Joern makes answering both questions easy. To answer the first one,
whether the program writes anything to STDERR, we can search for nodes
of type CALL
in the graph, then use the argument
step to only
select those calls which have connections to nodes of type ARGUMENT
,
followed by the code("stderr")
property filter step which selects only
those nodes that have the string stderr
as the value of their CODE
property. We find exactly one:
joern> cpg.call.argument.code("stderr").toList
res3: List[Expression] = List(
Identifier(
id -> 1000118L,
argumentIndex -> 1,
argumentName -> None,
code -> "stderr",
columnNumber -> Some(value = 12),
lineNumber -> Some(value = 7),
name -> "stderr",
order -> 1,
typeFullName -> "ANY"
)
)
This query shows that stderr
is used somewhere in the program, but doesn’t give us any more information. Using the query from the previous step, we can use the astParent
construct to find out more about the surroundings of the stderr
usage by moving up the hierarchy of the abstract syntax tree that is part of the Code Property Graph. Moving up one level in the AST hierarchy gives us an fprintf
call:
joern> cpg.call.argument.code("stderr").astParent.toList
res4: List[AstNode] = List(
Call(
id -> 1000117L,
argumentIndex -> 1,
argumentName -> None,
code -> "fprintf(stderr, \"It depends!\\n\")",
columnNumber -> Some(value = 4),
dispatchType -> "STATIC_DISPATCH",
lineNumber -> Some(value = 7),
methodFullName -> "fprintf",
name -> "fprintf",
order -> 1,
signature -> "TODO",
typeFullName -> "<empty>"
)
)
With this query we have proven the first part of our problem statement correct, there is a place in the X42
program that writes to STDERR. Let us move to the second part, the check whether the call that writes something to STDERR is conditional on a value passed as input to the X42
program. Since we are analyzing a program written in C
, we will search the Code Property Graph for the conventional argc
or argv
parameters of the main
function as the input that potentially triggers the call which writes to STDERR.
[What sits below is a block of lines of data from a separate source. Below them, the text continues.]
(* For integers $m\ge1$ let $f_m(x)=\frac{(m-x)^{m-1}}{e^{m-x}(m-1)!}$ for $x\le m$ and $f_m(x)=0$ for $x>m$, and for integers $m\ge2$ and real $z\ge0$ let $b(m,z)$ be the unique real number with $0\le b(m,z)\le z$ and $f_m(1-z)=f_m(1+z-b(m,z))$. There is an absolute constant $C>0$ such that the following holds. Suppose $n\ge100$ is an integer, $1\le w\le\frac n{10}$, $b=b(n+1,w)$ and $0\le\xi\le1$. (i) If $h$ is an integer with $w^{3/2}\le h\le n$, then $$|f_h(1+w-b-\xi)-f_h(1-w-\xi)|\le C\Big(\frac wh+\frac{w^3}{h^2}\Big)f_h(1-w).$$ (ii) If $2\sqrt n\le w\le \frac n{10}$ and $k$ is an integer with $1\le k\le n-3w$, then each of $f_{n+1-k}(1+w-b-\xi)$ and $f_{n+1-k}(1-w-\xi)$ is of the form $$f_{n+1}(1-w)\exp\Big\{\sum_{j=n-k}^{n}\Big(\frac1{2j}\Big(1-\frac{w^2}{j}\Big)+\theta_j\,C\frac{w^3}{j^3}\Big)+\theta\,C\frac wn\Big\}$$ for some real numbers $\theta_j$ ($n-k\le j\le n$) and $\theta$ with $|\theta_j|\le1$, $|\theta|\le1$.
   Context: $f_m$ is the density of $X_1+\cdots+X_m$, where the $X_i$ are independent with density $e^{x-1}$ for $x\le 1$ and $0$ for $x>1$. *)

From Stdlib Require Import Reals Factorial.
Open Scope R_scope.

Definition fm (m : nat) (x : R) : R :=
  if Rle_dec x (INR m)
  then (INR m - x) ^ (m - 1) / (exp (INR m - x) * INR (fact (m - 1)))
  else 0.

Definition is_b (m : nat) (z b : R) : Prop :=
  0 <= b <= z /\ fm m (1 - z) = fm m (1 + z - b).

(* sum over j = a, ..., c (inclusive) *)
Definition sum_range (a c : nat) (g : nat -> R) : R := sum_f a c g.

(* Writing f_{M+1}(1 - y) = exp (log_fm M y) with
   log_fm M y = M ln (M + y) - (M + y) - ln M!, everything reduces to Taylor
   estimates for ln (1 + s).  The equation defining b reads
   log_fm n w = log_fm n (-u) with u = w - b, and the second-order expansion of
   log_fm n around -u and w gives 0 <= w^2 - u^2 <= 8 w^3 / n.

   (i) For h > 4w, log_fm (h-1) at -u + xi and at w + xi differ from its value
   at w by O(w/h + w^3/h^2): a shift by xi costs O(w/h), and replacing w^2 by
   u^2 costs (w^2 - u^2) / 2h.  Then |e^a - e^c| <= 2 D e^D for |a|, |c| <= D.
   For h <= 4w we have w <= 25, and f_h <= f_h(1) <= e^w f_h(1 - w) suffices.

   (ii) One step of the recursion in the index is
   log_fm (j-1) y - log_fm j y = (1 - y^2/j) / 2j + O(|y|^3/j^3 + y^2/j^3 + 1/j^2),
   and y^2 = w^2 + O(w + w^3/n) for y = -u + xi or w + xi.  Telescoping over
   n-k < j <= n, absorbing the extra term j = n-k of the stated sum into the
   error, and paying O(w/n) for the shift by xi at level n gives the expansion. *)

From Stdlib Require Import Reals Factorial Lra Lia Psatz.
From Coquelicot Require Import Coquelicot.
Open Scope R_scope.

Lemma exp_le_exp_of_le a c : a <= c -> exp a <= exp c.
Proof. intros [H | ->]; [left; now apply exp_increasing | lra]. Qed.

Lemma exp_pow a n : exp a ^ n = exp (INR n * a).
Proof.
  rewrite <- Rpower_pow by apply exp_pos. unfold Rpower. now rewrite ln_exp.
Qed.

Lemma Rabs_exp_sub_1_le d : Rabs (exp d - 1) <= Rabs d * exp (Rabs d).
Proof.
  pose proof (exp_ineq1_le d). pose proof (exp_ineq1_le (- d)). pose proof (exp_pos d).
  assert (exp d * exp (- d) = 1) by (rewrite <- exp_plus, Rplus_opp_r; apply exp_0).
  destruct (Rle_dec 0 d).
  - rewrite !(Rabs_right d), Rabs_right by lra. nra.
  - rewrite !(Rabs_left d), Rabs_left1 by nra. nra.
Qed.

Lemma Rabs_exp_sub_exp_le a c D : Rabs a <= D -> Rabs c <= D ->
  Rabs (exp a - exp c) <= 2 * D * exp D.
Proof.
  intros Ha Hc.
  pose proof (Rabs_exp_sub_1_le a) as Ea. pose proof (Rabs_exp_sub_1_le c) as Ec.
  assert (exp (Rabs a) <= exp D) by (apply exp_le_exp_of_le; lra).
  assert (exp (Rabs c) <= exp D) by (apply exp_le_exp_of_le; lra).
  pose proof (Rabs_pos a). pose proof (Rabs_pos c). pose proof (exp_pos (Rabs a)).
  pose proof (exp_pos (Rabs c)).
  replace (exp a - exp c) with ((exp a - 1) - (exp c - 1)) by ring.
  unfold Rminus at 1. eapply Rle_trans; [apply Rabs_triang |]. rewrite Rabs_Ropp.
  nra.
Qed.

Lemma Rabs_div_le a b c : 0 < b -> Rabs a <= c * b -> Rabs (a / b) <= c.
Proof.
  intros Hb H. unfold Rdiv. rewrite Rabs_mult, Rabs_inv, (Rabs_right b) by lra.
  apply Rmult_le_reg_r with b; [lra |]. rewrite Rmult_assoc, Rinv_l by lra. lra.
Qed.

Lemma Rabs_sum4_le a b c d : Rabs (a + b - c + d) <= Rabs a + Rabs b + Rabs c + Rabs d.
Proof. unfold Rabs; repeat destruct Rcase_abs; lra. Qed.

Definition ln_1p_rem (s : R) : R := ln (1 + s) - s + s ^ 2 / 2.

Lemma ln_1p_rem_mvt s : -1 < s ->
  exists c, -1 < c /\ Rabs c <= Rabs s /\ ln_1p_rem s = c ^ 2 / (1 + c) * s.
Proof.
  intros Hs.
  assert (H0 : ln_1p_rem 0 = 0) by (unfold ln_1p_rem; rewrite Rplus_0_r, ln_1; lra).
  assert (D : forall c, -1 < c -> derivable_pt_lim ln_1p_rem c (c ^ 2 / (1 + c))).
  { intros c Hc. apply is_derive_Reals. unfold ln_1p_rem. auto_derive; [lra | field; lra]. }
  destruct (Rtotal_order s 0) as [Hneg | [-> | Hpos]].
  - destruct (MVT_cor2 ln_1p_rem (fun c => c ^ 2 / (1 + c)) s 0 Hneg) as [c [E Hc]].
    { intros c Hc. apply D. lra. }
    exists c. rewrite !Rabs_left by lra. split; [lra | split; lra].
  - exists 0. rewrite H0. split; [lra | split; [lra | field]].
  - destruct (MVT_cor2 ln_1p_rem (fun c => c ^ 2 / (1 + c)) 0 s Hpos) as [c [E Hc]].
    { intros c Hc. apply D. lra. }
    exists c. rewrite !Rabs_right by lra. split; [lra | split; lra].
Qed.

Lemma ln_1p_le s : -1 < s -> ln (1 + s) <= s.
Proof.
  intros Hs. rewrite <- (ln_exp s) at 2. apply ln_le; [lra | apply exp_ineq1_le].
Qed.

Lemma ln_1p_ge s : 0 <= s -> s - s ^ 2 / 2 <= ln (1 + s).
Proof.
  intros Hs. destruct (ln_1p_rem_mvt s) as [c [Hc [_ E]]]; [lra |].
  unfold ln_1p_rem in E.
  assert (0 <= c ^ 2 / (1 + c)) by (apply Rdiv_le_0_compat; nra).
  nra.
Qed.

Lemma Rabs_ln_1p_rem_le s : Rabs s <= 1 / 2 -> Rabs (ln_1p_rem s) <= 2 * Rabs s ^ 3.
Proof.
  intros Hs. pose proof (Rabs_pos s).
  destruct (ln_1p_rem_mvt s) as [c [Hc [Hcs E]]].
  { apply Rabs_le_between in Hs. lra. }
  rewrite E, Rabs_mult, Rabs_right.
  2:{ apply Rle_ge, Rdiv_le_0_compat; nra. }
  assert (Hc1 : 1 / 2 <= 1 + c).
  { assert (Hc2 : Rabs c <= 1 / 2) by lra. apply Rabs_le_between in Hc2. lra. }
  assert (c ^ 2 / (1 + c) <= 2 * Rabs s ^ 2).
  { apply Rmult_le_reg_r with (1 + c); [lra |].
    replace (c ^ 2 / (1 + c) * (1 + c)) with (Rabs c ^ 2) by (rewrite pow2_abs; field; lra).
    assert (Rabs c ^ 2 <= Rabs s ^ 2) by (apply pow_incr; split; [apply Rabs_pos | lra]).
    nra. }
  nra.
Qed.

Definition phi (M y : R) : R := M * ln (M + y) - (M + y).

Definition log_fm (M : nat) (y : R) : R := phi (INR M) y - ln (INR (fact M)).

Lemma INR_fact_pos M : 0 < INR (fact M).
Proof. apply lt_0_INR, lt_O_fact. Qed.

Lemma fm_succ M x : x <= INR (S M) ->
  fm (S M) x = (INR (S M) - x) ^ M / (exp (INR (S M) - x) * INR (fact M)).
Proof.
  intros Hx. unfold fm. destruct (Rle_dec x (INR (S M))); [| lra].
  now replace (S M - 1)%nat with M by lia.
Qed.

Lemma fm_succ_exp M y : 0 < INR M + y -> fm (S M) (1 - y) = exp (log_fm M y).
Proof.
  intros Hy. rewrite fm_succ by (rewrite S_INR; lra).
  replace (INR (S M) - (1 - y)) with (INR M + y) by (rewrite S_INR; ring).
  unfold log_fm, phi. rewrite <- Rpower_pow by lra. unfold Rpower.
  unfold Rminus. rewrite !exp_plus, !exp_Ropp, !exp_plus, exp_ln by apply INR_fact_pos.
  pose proof (INR_fact_pos M). pose proof (exp_pos y). pose proof (exp_pos (INR M)).
  field. lra.
Qed.

Lemma log_fm_sub M y1 y2 : log_fm M y1 - log_fm M y2 = phi (INR M) y1 - phi (INR M) y2.
Proof. unfold log_fm. ring. Qed.

Lemma fm_nonneg h x : 0 <= fm h x.
Proof.
  unfold fm. destruct (Rle_dec x (INR h)); [| lra].
  apply Rdiv_le_0_compat; [apply pow_le; lra |].
  apply Rmult_lt_0_compat; [apply exp_pos | apply INR_fact_pos].
Qed.

Lemma pow_mul_exp_neg_le t M : 0 <= t ->
  t ^ M * exp (- t) <= INR M ^ M * exp (- INR M).
Proof.
  intros Ht. destruct M as [| M'].
  { simpl. rewrite Ropp_0, exp_0, !Rmult_1_l, <- exp_0. apply exp_le_exp_of_le. lra. }
  set (M := S M'). assert (HM : 0 < INR M) by (apply lt_0_INR; unfold M; lia).
  assert (Hx : (t / INR M) ^ M <= exp (t / INR M - 1) ^ M).
  { apply pow_incr. split; [apply Rdiv_le_0_compat; lra |].
    pose proof (exp_ineq1_le (t / INR M - 1)). lra. }
  rewrite exp_pow in Hx.
  replace (INR M * (t / INR M - 1)) with (t - INR M) in Hx by (field; lra).
  replace (t ^ M) with ((t / INR M) ^ M * INR M ^ M)
    by (rewrite <- Rpow_mult_distr; f_equal; field; lra).
  replace (INR M ^ M * exp (- INR M)) with (exp (t - INR M) * INR M ^ M * exp (- t))
    by (unfold Rminus; rewrite exp_plus; rewrite !exp_Ropp;
        field; split; apply Rgt_not_eq, exp_pos).
  apply Rmult_le_compat_r; [left; apply exp_pos |].
  apply Rmult_le_compat_r; [apply pow_le; lra | exact Hx].
Qed.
As before, we can use the astParent
to move up the AST. Moving up another level in the AST hierarchy gives us a block; not very helpful:
joern> cpg.call.argument.code("stderr").astParent.astParent.toList
res5: List[AstNode] = List(
Block(
id -> 1000116L,
argumentIndex -> 2,
argumentName -> None,
code -> "",
columnNumber -> Some(value = 46),
lineNumber -> Some(value = 6),
order -> 2,
typeFullName -> "void"
)
)
Another layer up gives us an if statement, much better:
joern> cpg.call.argument.code("stderr").astParent.astParent.astParent.toList
res6: List[AstNode] = List(
ControlStructure(
id -> 1000104L,
argumentIndex -> 1,
argumentName -> None,
code -> "if (argc > 1 && strcmp(argv[1], \"42\") == 0)",
columnNumber -> Some(value = 2),
controlStructureType -> "IF",
lineNumber -> Some(value = 6),
order -> 1,
parserTypeName -> "IfStatement"
)
)
The CODE
property of the CONTROL_STRUCTURE
node you just found proves the second part of our problem statement correct, the call that writes to STDERR is conditional on argc
and argv
. Hence, the whole problem statement is correct.
Closing the Project #
Now that we’ve finished the analysis, let us close the project, which also unloads the Code Property Graph from memory. You do not have to worry about losing any data, because it will remain on disk in the x42-c
project you created earlier with importCode
. Close the project using the aptly-named close
:
joern> close
2020-05-08 01:13:01.752 WARN clearing 105 references - this may take some time
2020-05-08 01:13:01.756 WARN cleared all clearable references
res7: Option[io.shiftleft.console.workspacehandling.Project] = Some(
Project(
ProjectFile("/home/user/x42/c", "x42-c"),
/home/user/.shiftleft/joern/workspace/x42-c,
None
)
)
As a final step, exit Joern:
joern> :exit
Congratulations, you have successfully queried your first Code Property Graph using Joern and its query language. More examples can be found on the query-database website (also see Joern Scan).
In subsequent articles, you will learn the more advanced features of Joern and also how to use it to find your first real-world vulnerability.